The default installer is known to have problems with uncommon configurations such as:

  • sharing a *nix home directory across different computers with different CPU architectures
  • Windows roaming user profiles across computers with different CPU architectures

The root cause of this is because the "native manifest" mechanism was not designed well to take these situations into account (for example, through its use of absolute paths). If you are in one of these situations, you will unfortunately need to invent an ad-hoc workaround.

System requirements

This native stub tries to avoid doing anything too "exciting", but, due to development and testing resource constraints, it focuses on "reasonably modern" desktop platforms.

macOS

macOS 10.15 or later is required, matching Firefox's system requirements. However, older systems are not very well-tested. Expect macOS 12 to be a much more reasonable baseline.

Windows

Windows 10 or later is required, due to the requirements of the Rust platform support. This also matches Firefox system requirements. Backporting to Windows 8/8.1 might theoretically be possible, but any older is not expected to work (due to limitations in WinUSB).

Linux

Linux kernel version 4.8 or later is required. (More specifically, a kernel containing commit 5cce438 and USBDEVFS_CAP_REAP_AFTER_DISCONNECT is strongly recommended, and a kernel supporting USBDEVFS_DISCONNECT_CLAIM is required.)

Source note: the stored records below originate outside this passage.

(* Let $H$ be a finite normal subgroup of a group $G$ such that the center of $H$ is trivial. If $G/H$ is a Jordan group, then $G$ is a Jordan group and $J_G\leqslant |\mathrm{Aut}(H)|\, J_{G/H}^{|\mathrm{Aut}(H)|}$.
   Context: A group $G$ is called Jordan if there exists a positive integer $d$ such that every finite subgroup $K$ of $G$ contains a normal abelian subgroup of index at most $d$ in $K$; the minimal such $d$ is the Jordan constant $J_G$. *)

From Stdlib Require Import Arith List.
Import ListNotations.

Record Group := {
  carrier :> Type;
  gmul : carrier -> carrier -> carrier;
  gone : carrier;
  ginv : carrier -> carrier;
  gmulA : forall x y z, gmul x (gmul y z) = gmul (gmul x y) z;
  gmul1l : forall x, gmul gone x = x;
  gmul1r : forall x, gmul x gone = x;
  gmulVl : forall x, gmul (ginv x) x = gone;
  gmulVr : forall x, gmul x (ginv x) = gone
}.

Arguments gmul {g}.
Arguments gone {g}.
Arguments ginv {g}.

Definition card {T : Type} (P : T -> Prop) (n : nat) : Prop :=
  exists s : list T, NoDup s /\ length s = n /\ (forall x, P x <-> In x s).

Definition finite_set {T : Type} (P : T -> Prop) : Prop := exists n, card P n.

Definition subgroup {G : Group} (K : G -> Prop) : Prop :=
  K gone /\ (forall x y, K x -> K y -> K (gmul x y)) /\ (forall x, K x -> K (ginv x)).

Definition finite_subgroup {G : Group} (K : G -> Prop) : Prop :=
  subgroup K /\ finite_set K.

Definition normal_in {G : Group} (A K : G -> Prop) : Prop :=
  subgroup A /\ (forall x, A x -> K x) /\
  (forall k a, K k -> A a -> A (gmul (gmul k a) (ginv k))).

Definition abelian_set {G : Group} (A : G -> Prop) : Prop :=
  forall a b, A a -> A b -> gmul a b = gmul b a.

Definition index_le {G : Group} (K A : G -> Prop) (d : nat) : Prop :=
  exists nK nA, card K nK /\ card A nA /\ nK / nA <= d.

Definition jordan_with (G : Group) (d : nat) : Prop :=
  0 < d /\
  forall K : G -> Prop, finite_subgroup K ->
    exists A : G -> Prop, normal_in A K /\ abelian_set A /\ index_le K A d.

Definition jordan (G : Group) : Prop := exists d, jordan_with G d.

Definition jordan_constant (G : Group) (d : nat) : Prop :=
  jordan_with G d /\ (forall d', jordan_with G d' -> d <= d').

Definition hom {G Q : Group} (f : G -> Q) : Prop :=
  forall x y, f (gmul x y) = gmul (f x) (f y).

(* Q is (isomorphic to) G/H via pi: pi is a surjective hom with kernel H *)
Definition quotient_map {G Q : Group} (H : G -> Prop) (pi : G -> Q) : Prop :=
  hom pi /\ (forall q : Q, exists g, pi g = q) /\ (forall g, pi g = gone <-> H g).

Definition trivial_center {G : Group} (H : G -> Prop) : Prop :=
  forall z, H z -> (forall h, H h -> gmul z h = gmul h z) -> z = gone.

(* automorphisms of the subgroup H, represented by maps G -> G, considered
   up to agreement on H *)
Definition automorphism_of {G : Group} (H : G -> Prop) (f : G -> G) : Prop :=
  (forall x, H x -> H (f x)) /\
  (forall y, H y -> exists x, H x /\ f x = y) /\
  (forall x y, H x -> H y -> f x = f y -> x = y) /\
  (forall x y, H x -> H y -> f (gmul x y) = gmul (f x) (f y)).

Definition agree_on {G : Group} (H : G -> Prop) (f g : G -> G) : Prop :=
  forall x, H x -> f x = g x.

Definition aut_card {G : Group} (H : G -> Prop) (n : nat) : Prop :=
  exists ls : list (G -> G),
    length ls = n /\
    Forall (automorphism_of H) ls /\
    ForallOrdPairs (fun f g => ~ agree_on H f g) ls /\
    (forall f, automorphism_of H f -> exists g, In g ls /\ agree_on H f g).

From Stdlib Require Import Arith List Lia Wf_nat ClassicalEpsilon Classical.
Import ListNotations.

(* Let C be the centralizer of H.  Since Z(H) = 1, C meets H trivially and pi is injective
   on C.  For a finite subgroup K of G, conjugation embeds K / (K /\ C) into Aut(H), so
   M := K /\ C has index at most |Aut(H)| in K.  The Jordan property of G/H applied to the
   finite group pi(M) ~ M gives a normal abelian B of index at most J in it; the intersection
   of the at most |Aut(H)| conjugates of the preimage of B under elements of K is a normal
   abelian subgroup of K of index at most |Aut(H)| * J^|Aut(H)|. *)

Definition decb (P : Prop) : bool := if excluded_middle_informative P then true else false.

Lemma decbP (P : Prop) : decb P = true <-> P.
Proof. unfold decb; destruct (excluded_middle_informative P); split; congruence || tauto. Qed.

Lemma NoDup_length_eq {T} (l1 l2 : list T) :
  NoDup l1 -> NoDup l2 -> (forall x, In x l1 <-> In x l2) -> length l1 = length l2.
Proof.
  intros H1 H2 E. apply Nat.le_antisymm; apply NoDup_incl_length; auto; intros x; apply E.
Qed.

Lemma card_unique {T} (P : T -> Prop) n m : card P n -> card P m -> n = m.
Proof.
  intros [s [Hs [<- Es]]] [t [Ht [<- Et]]].
  apply NoDup_length_eq; auto. intro x. rewrite <- Es, <- Et. reflexivity.
Qed.

Lemma card_ext {T} (P S : T -> Prop) n : (forall x, P x <-> S x) -> card P n -> card S n.
Proof. intros E [s [Hs [Hl Hm]]]. exists s; repeat split; auto; intro Hx; firstorder. Qed.

Lemma card_subset {T} (P S : T -> Prop) n :
  card P n -> (forall x, S x -> P x) -> finite_set S.
Proof.
  intros [s [Hs [_ Hm]]] HSP. set (s' := filter (fun x => decb (S x)) s).
  exists (length s'), s'. split; [apply NoDup_filter; auto | split; [reflexivity |]].
  intros x. unfold s'. rewrite filter_In, decbP, <- Hm. firstorder.
Qed.

Lemma card_le_inj {T U} (l : list T) (f : T -> U) (P : U -> Prop) n :
  NoDup l -> (forall x, In x l -> P (f x)) ->
  (forall x y, In x l -> In y l -> f x = f y -> x = y) -> card P n -> length l <= n.
Proof.
  intros Hl HP Hinj [s [Hs [<- Hm]]].
  rewrite <- (length_map f l). apply NoDup_incl_length.
  - apply NoDup_map_NoDup_ForallPairs; [intros x y Hx Hy; apply Hinj; auto | exact Hl].
  - intros y Hy. apply in_map_iff in Hy. destruct Hy as [x [<- Hx]]. apply Hm, HP, Hx.
Qed.

Lemma length_filter_split {T} (p : T -> bool) l :
  length l = length (filter p l) + length (filter (fun x => negb (p x)) l).
Proof. induction l as [|x l IH]; simpl; auto. destruct (p x); simpl; lia. Qed.

Lemma length_le_fibres {T U} (L : list U) (R : T -> U -> Prop) c (s : list T) :
  NoDup s -> (forall x, In x s -> exists y, In y L /\ R x y) ->
  (forall y, In y L -> forall s', NoDup s' -> (forall x, In x s' -> In x s /\ R x y) ->
     length s' <= c) ->
  length s <= length L * c.
Proof.
  revert s. induction L as [|y L IH]; intros s Hs Hcov Hfib.
  - destruct s as [|x s]; [simpl; lia|]. destruct (Hcov x (or_introl eq_refl)) as [y [[] _]].
  - rewrite (length_filter_split (fun x => decb (R x y)) s). simpl.
    assert (length (filter (fun x => decb (R x y)) s) <= c).
    { apply (Hfib y (or_introl eq_refl)); [apply NoDup_filter; auto|].
      intros x Hx. apply filter_In in Hx. rewrite decbP in Hx. exact Hx. }
    assert (length (filter (fun x => negb (decb (R x y))) s) <= length L * c).
    { apply IH; [apply NoDup_filter; auto| |].
      - intros x Hx. apply filter_In in Hx. destruct Hx as [Hx Hn].
        destruct (Hcov x Hx) as [y' [[<- | Hy'] HR]]; eauto.
        apply decbP in HR. rewrite HR in Hn. discriminate.
      - intros y' Hy' s' Hs' Hsub. apply (Hfib y' (or_intror Hy') s' Hs').
        intros x Hx. destruct (Hsub x Hx) as [Hx' HR]. apply filter_In in Hx'. tauto. }
    lia.
Qed.

Lemma choose_witnesses {X Y} (R : X -> Y -> Prop) (ls : list X) :
  exists ys, length ys <= length ls /\ (forall y, In y ys -> exists x, R x y) /\
    (forall x, In x ls -> (exists y, R x y) -> exists y, In y ys /\ R x y).
Proof.
  induction ls as [|x ls [ys [Hlen [Hys Hcov]]]].
  - exists []. simpl. repeat split; [lia | tauto | tauto].
  - destruct (classic (exists y, R x y)) as [[y Hy] | Hnone].
    + exists (y :: ys). simpl. repeat split; [lia | |].
      * intros y' [<- | Hy']; eauto.
      * intros x' [<- | Hx'] Hex; [exists y; auto|].
        destruct (Hcov x' Hx' Hex) as [y' [? ?]]. eauto.
    + exists ys. simpl. repeat split; [lia | exact Hys |].
      intros x' [<- | Hx'] Hex; [contradiction | auto].
Qed.

Section GroupFacts.
Variable G : Group.
Implicit Types x y : G.

Lemma mulKg x y : gmul (ginv x) (gmul x y) = y.
Proof. rewrite gmulA, gmulVl, gmul1l; reflexivity. Qed.

Lemma mulKVg x y : gmul x (gmul (ginv x) y) = y.
Proof. rewrite gmulA, gmulVr, gmul1l; reflexivity. Qed.

Lemma invg_unique x y : gmul x y = gone -> y = ginv x.
Proof. intro E. rewrite <- (mulKg x y), E, gmul1r. reflexivity. Qed.

Lemma invgK x : ginv (ginv x) = x.
Proof. symmetry; apply invg_unique, gmulVl. Qed.

Lemma invMg x y : ginv (gmul x y) = gmul (ginv y) (ginv x).
Proof.
  symmetry; apply invg_unique.
  rewrite <- gmulA, (gmulA _ y), gmulVr, gmul1l, gmulVr. reflexivity.
Qed.

Lemma invg1 : ginv (@gone G) = gone.
Proof. symmetry; apply invg_unique, gmul1l. Qed.

End GroupFacts.

Arguments mulKg {G}. Arguments mulKVg {G}. Arguments invgK {G}. Arguments invMg {G}.
Arguments invg1 {G}.

Hint Rewrite <- gmulA : group.
Hint Rewrite gmul1l gmul1r gmulVl gmulVr @mulKg @mulKVg @invgK @invMg @invg1 : group.
Ltac group_simpl :=
  autorewrite with group in *; try reflexivity; try assumption; try (symmetry; assumption).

Your system must have /dev and /sys mounted.

In order to detect USB devices being connected, a userspace with udev or a compatible daemon is required. Specifically, a daemon which broadcasts 0xfeedcafe-format messages on NETLINK_KOBJECT_UEVENT group 2 is required.

Compiling from source

In general, this native stub is written entirely in Rust and can be built using cargo build in the native-stub directory. Cross-compiling is supported and is configured by default for the supported platforms.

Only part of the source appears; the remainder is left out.